» **EXERCISE GOAL**
Repeat the entries that follow from start to finish, keeping every character.

________________

(* Fix $k\in\mathbb N$ and consider the atom–cavity coefficients on $\mathcal D=\mathcal H'\odot\mathcal D'$ described in the context. Then there exists $\varepsilon>0$ such that for every $u\in\mathcal D$ there are constants $c(\ell,u)\ge0$, $\ell\in\mathbb N$, with $\sum_{\ell=1}^\infty c(\ell,u)\varepsilon^\ell<\infty$ and $$\|X(1)X(2)\cdots X(\ell)u\|\le c(\ell,u)\sqrt{(\ell+m)!}$$ for every $\ell\in\mathbb N$ and every choice of $X(1),\dots,X(\ell)$ from $\{K^{(k)},K^{(k)*},L^{(k)}_i,L^{(k)*}_i,M^{(k)}_i,M^{(k)*}_i,N^{(k)}_{ij},N^{(k)*}_{ij}:1\le i,j\le n\}$ (adjoints taken formally on $\mathcal D$), where $m$ is the number of occurrences of $K^{(k)}$ or $K^{(k)*}$ among $X(1),\dots,X(\ell)$.
   Context: $\mathcal H'$ is a separable complex Hilbert space, $\{\varphi_i\}_{i\in\mathbb Z_+}$ is the canonical basis of $\ell^2(\mathbb Z_+)$, and $b^\dagger\varphi_i=\sqrt{i+1}\varphi_{i+1}$, $b\varphi_i=\sqrt i\varphi_{i-1}$, $b^\dagger b\varphi_i=i\varphi_i$ on $\mathcal D'=\mathrm{span}\{\varphi_i\}$. $\mathcal H=\mathcal H'\otimes\ell^2(\mathbb Z_+)$ and $\mathcal D=\mathcal H'\odot\mathcal D'$ (algebraic tensor product). For $n\in\mathbb N$, $1\le i,j\le n$, the coefficients are $N^{(k)}_{ij}=S^{(k)}_{ij}$, $L^{(k)}_i=F^{(k)}_ib^\dagger+G^{(k)}_i$, $K^{(k)}=E^{(k)}_{11}b^\dagger b+E^{(k)}_{10}b^\dagger+E^{(k)}_{01}b+E^{(k)}_{00}$, where $E^{(k)}_{pq},F^{(k)}_i,G^{(k)}_i,S^{(k)}_{ij}$ are bounded operators on $\mathcal H'$, and these satisfy on $\mathcal D$ the Hudson–Parthasarathy relations $K^{(k)}+K^{(k)\dagger}=-\sum_iL^{(k)}_iL^{(k)\dagger}_i$, $\sum_jN^{(k)}_{mj}N^{(k)\dagger}_{\ell j}=\sum_jN^{(k)\dagger}_{jm}N^{(k)}_{j\ell}=\delta_{m\ell}$, with $M^{(k)}_i$ defined by $M^{(k)}_i=-\sum_jN^{(k)}_{ij}L^{(k)\dagger}_j$ (here $\dagger$ is the formal adjoint on $\mathcal D$, e.g. $(Xb^\dagger)^\dagger=X^*b$ for bounded $X$ on $\mathcal H'$). *)

From Stdlib Require Import Reals List Arith.
Import ListNotations.
Open Scope R_scope.
Set Implicit Arguments.

Record Cplx : Type := mkC { Cre : R ; Cim : R }.
Definition C0 : Cplx := mkC 0 0.
Definition C1 : Cplx := mkC 1 0.
Definition Cadd (a b : Cplx) : Cplx := mkC (Cre a + Cre b) (Cim a + Cim b).
Definition Cmul (a b : Cplx) : Cplx :=
  mkC (Cre a * Cre b - Cim a * Cim b) (Cre a * Cim b + Cim a * Cre b).
Definition Cconj (a : Cplx) : Cplx := mkC (Cre a) (- Cim a).
Definition RtoC (r : R) : Cplx := mkC r 0.

(** * Separable complex Hilbert spaces
    (inner product conjugate-linear in the first, linear in the second slot) *)
Record CHilbert : Type := {
  hcar :> Type;
  hzero : hcar;
  hadd : hcar -> hcar -> hcar;
  hopp : hcar -> hcar;
  hscal : Cplx -> hcar -> hcar;
  hinner : hcar -> hcar -> Cplx;
  hadd_assoc : forall x y z, hadd x (hadd y z) = hadd (hadd x y) z;
  hadd_comm : forall x y, hadd x y = hadd y x;
  hadd_0 : forall x, hadd hzero x = x;
  hadd_opp : forall x, hadd x (hopp x) = hzero;
  hscal_1 : forall x, hscal C1 x = x;
  hscal_assoc : forall a b x, hscal a (hscal b x) = hscal (Cmul a b) x;
  hscal_distr_v : forall a x y, hscal a (hadd x y) = hadd (hscal a x) (hscal a y);
  hscal_distr_c : forall a b x, hscal (Cadd a b) x = hadd (hscal a x) (hscal b x);
  hinner_conj : forall x y, hinner y x = Cconj (hinner x y);
  hinner_add_r : forall x y z, hinner x (hadd y z) = Cadd (hinner x y) (hinner x z);
  hinner_scal_r : forall a x y, hinner x (hscal a y) = Cmul a (hinner x y);
  hinner_pos : forall x, Cim (hinner x x) = 0 /\ 0 <= Cre (hinner x x);
  hinner_def : forall x, hinner x x = C0 -> x = hzero;
  hcomplete : forall u : nat -> hcar,
    (forall eps, eps > 0 -> exists N, forall p q, (N <= p)%nat -> (N <= q)%nat ->
        sqrt (Cre (hinner (hadd (u p) (hopp (u q))) (hadd (u p) (hopp (u q))))) < eps) ->
    exists l, forall eps, eps > 0 -> exists N, forall p, (N <= p)%nat ->
        sqrt (Cre (hinner (hadd (u p) (hopp l)) (hadd (u p) (hopp l)))) < eps;
  hseparable : exists d : nat -> hcar, forall x eps, eps > 0 -> exists k,
        sqrt (Cre (hinner (hadd x (hopp (d k))) (hadd x (hopp (d k))))) < eps
}.

Arguments hzero {c}.

Definition hnorm (H : CHilbert) (x : H) : R := sqrt (Cre (hinner H x x)).

Record BOp (H : CHilbert) : Type := {
  bfun :> H -> H;
  b_add : forall x y, bfun (hadd H x y) = hadd H (bfun x) (bfun y);
  b_scal : forall a x, bfun (hscal H a x) = hscal H a (bfun x);
  b_bdd : exists M, forall x, hnorm H (bfun x) <= M * hnorm H x
}.

Definition is_adj (H : CHilbert) (A B : BOp H) : Prop :=
  forall x y, hinner H (A x) y = hinner H x (B y).

(** * The domain D = H' (algebraic tensor) span{phi_i}.
    An element sum_i u_i (x) phi_i is represented by the finite list
    [u_0; u_1; ...] of its coefficients (missing entries are 0). *)
Definition DV (H : CHilbert) := list (hcar H).

Section DOps.
Variable H : CHilbert.

(** equality in D (lists equal up to trailing zeros) *)
Definition deq (u v : DV H) : Prop :=
  forall i, nth i u hzero = nth i v hzero.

________________

» **ANSWER FOR THIS EXERCISE**
(* Fix $k\in\mathbb N$ and consider the atom–cavity coefficients on $\mathcal D=\mathcal H'\odot\mathcal D'$ described in the context. Then there exists $\varepsilon>0$ such that for every $u\in\mathcal D$ there are constants $c(\ell,u)\ge0$, $\ell\in\mathbb N$, with $\sum_{\ell=1}^\infty c(\ell,u)\varepsilon^\ell<\infty$ and $$\|X(1)X(2)\cdots X(\ell)u\|\le c(\ell,u)\sqrt{(\ell+m)!}$$ for every $\ell\in\mathbb N$ and every choice of $X(1),\dots,X(\ell)$ from $\{K^{(k)},K^{(k)*},L^{(k)}_i,L^{(k)*}_i,M^{(k)}_i,M^{(k)*}_i,N^{(k)}_{ij},N^{(k)*}_{ij}:1\le i,j\le n\}$ (adjoints taken formally on $\mathcal D$), where $m$ is the number of occurrences of $K^{(k)}$ or $K^{(k)*}$ among $X(1),\dots,X(\ell)$.
   Context: $\mathcal H'$ is a separable complex Hilbert space, $\{\varphi_i\}_{i\in\mathbb Z_+}$ is the canonical basis of $\ell^2(\mathbb Z_+)$, and $b^\dagger\varphi_i=\sqrt{i+1}\varphi_{i+1}$, $b\varphi_i=\sqrt i\varphi_{i-1}$, $b^\dagger b\varphi_i=i\varphi_i$ on $\mathcal D'=\mathrm{span}\{\varphi_i\}$. $\mathcal H=\mathcal H'\otimes\ell^2(\mathbb Z_+)$ and $\mathcal D=\mathcal H'\odot\mathcal D'$ (algebraic tensor product). For $n\in\mathbb N$, $1\le i,j\le n$, the coefficients are $N^{(k)}_{ij}=S^{(k)}_{ij}$, $L^{(k)}_i=F^{(k)}_ib^\dagger+G^{(k)}_i$, $K^{(k)}=E^{(k)}_{11}b^\dagger b+E^{(k)}_{10}b^\dagger+E^{(k)}_{01}b+E^{(k)}_{00}$, where $E^{(k)}_{pq},F^{(k)}_i,G^{(k)}_i,S^{(k)}_{ij}$ are bounded operators on $\mathcal H'$, and these satisfy on $\mathcal D$ the Hudson–Parthasarathy relations $K^{(k)}+K^{(k)\dagger}=-\sum_iL^{(k)}_iL^{(k)\dagger}_i$, $\sum_jN^{(k)}_{mj}N^{(k)\dagger}_{\ell j}=\sum_jN^{(k)\dagger}_{jm}N^{(k)}_{j\ell}=\delta_{m\ell}$, with $M^{(k)}_i$ defined by $M^{(k)}_i=-\sum_jN^{(k)}_{ij}L^{(k)\dagger}_j$ (here $\dagger$ is the formal adjoint on $\mathcal D$, e.g. $(Xb^\dagger)^\dagger=X^*b$ for bounded $X$ on $\mathcal H'$). *)

From Stdlib Require Import Reals List Arith.
Import ListNotations.
Open Scope R_scope.
Set Implicit Arguments.

Record Cplx : Type := mkC { Cre : R ; Cim : R }.
Definition C0 : Cplx := mkC 0 0.
Definition C1 : Cplx := mkC 1 0.
Definition Cadd (a b : Cplx) : Cplx := mkC (Cre a + Cre b) (Cim a + Cim b).
Definition Cmul (a b : Cplx) : Cplx :=
  mkC (Cre a * Cre b - Cim a * Cim b) (Cre a * Cim b + Cim a * Cre b).
Definition Cconj (a : Cplx) : Cplx := mkC (Cre a) (- Cim a).
Definition RtoC (r : R) : Cplx := mkC r 0.

(** * Separable complex Hilbert spaces
    (inner product conjugate-linear in the first, linear in the second slot) *)
Record CHilbert : Type := {
  hcar :> Type;
  hzero : hcar;
  hadd : hcar -> hcar -> hcar;
  hopp : hcar -> hcar;
  hscal : Cplx -> hcar -> hcar;
  hinner : hcar -> hcar -> Cplx;
  hadd_assoc : forall x y z, hadd x (hadd y z) = hadd (hadd x y) z;
  hadd_comm : forall x y, hadd x y = hadd y x;
  hadd_0 : forall x, hadd hzero x = x;
  hadd_opp : forall x, hadd x (hopp x) = hzero;
  hscal_1 : forall x, hscal C1 x = x;
  hscal_assoc : forall a b x, hscal a (hscal b x) = hscal (Cmul a b) x;
  hscal_distr_v : forall a x y, hscal a (hadd x y) = hadd (hscal a x) (hscal a y);
  hscal_distr_c : forall a b x, hscal (Cadd a b) x = hadd (hscal a x) (hscal b x);
  hinner_conj : forall x y, hinner y x = Cconj (hinner x y);
  hinner_add_r : forall x y z, hinner x (hadd y z) = Cadd (hinner x y) (hinner x z);
  hinner_scal_r : forall a x y, hinner x (hscal a y) = Cmul a (hinner x y);
  hinner_pos : forall x, Cim (hinner x x) = 0 /\ 0 <= Cre (hinner x x);
  hinner_def : forall x, hinner x x = C0 -> x = hzero;
  hcomplete : forall u : nat -> hcar,
    (forall eps, eps > 0 -> exists N, forall p q, (N <= p)%nat -> (N <= q)%nat ->
        sqrt (Cre (hinner (hadd (u p) (hopp (u q))) (hadd (u p) (hopp (u q))))) < eps) ->
    exists l, forall eps, eps > 0 -> exists N, forall p, (N <= p)%nat ->
        sqrt (Cre (hinner (hadd (u p) (hopp l)) (hadd (u p) (hopp l)))) < eps;
  hseparable : exists d : nat -> hcar, forall x eps, eps > 0 -> exists k,
        sqrt (Cre (hinner (hadd x (hopp (d k))) (hadd x (hopp (d k))))) < eps
}.

Arguments hzero {c}.

Definition hnorm (H : CHilbert) (x : H) : R := sqrt (Cre (hinner H x x)).

Record BOp (H : CHilbert) : Type := {
  bfun :> H -> H;
  b_add : forall x y, bfun (hadd H x y) = hadd H (bfun x) (bfun y);
  b_scal : forall a x, bfun (hscal H a x) = hscal H a (bfun x);
  b_bdd : exists M, forall x, hnorm H (bfun x) <= M * hnorm H x
}.

Definition is_adj (H : CHilbert) (A B : BOp H) : Prop :=
  forall x y, hinner H (A x) y = hinner H x (B y).

(** * The domain D = H' (algebraic tensor) span{phi_i}.
    An element sum_i u_i (x) phi_i is represented by the finite list
    [u_0; u_1; ...] of its coefficients (missing entries are 0). *)
Definition DV (H : CHilbert) := list (hcar H).

Section DOps.
Variable H : CHilbert.

(** equality in D (lists equal up to trailing zeros) *)
Definition deq (u v : DV H) : Prop :=
  forall i, nth i u hzero = nth i v hzero.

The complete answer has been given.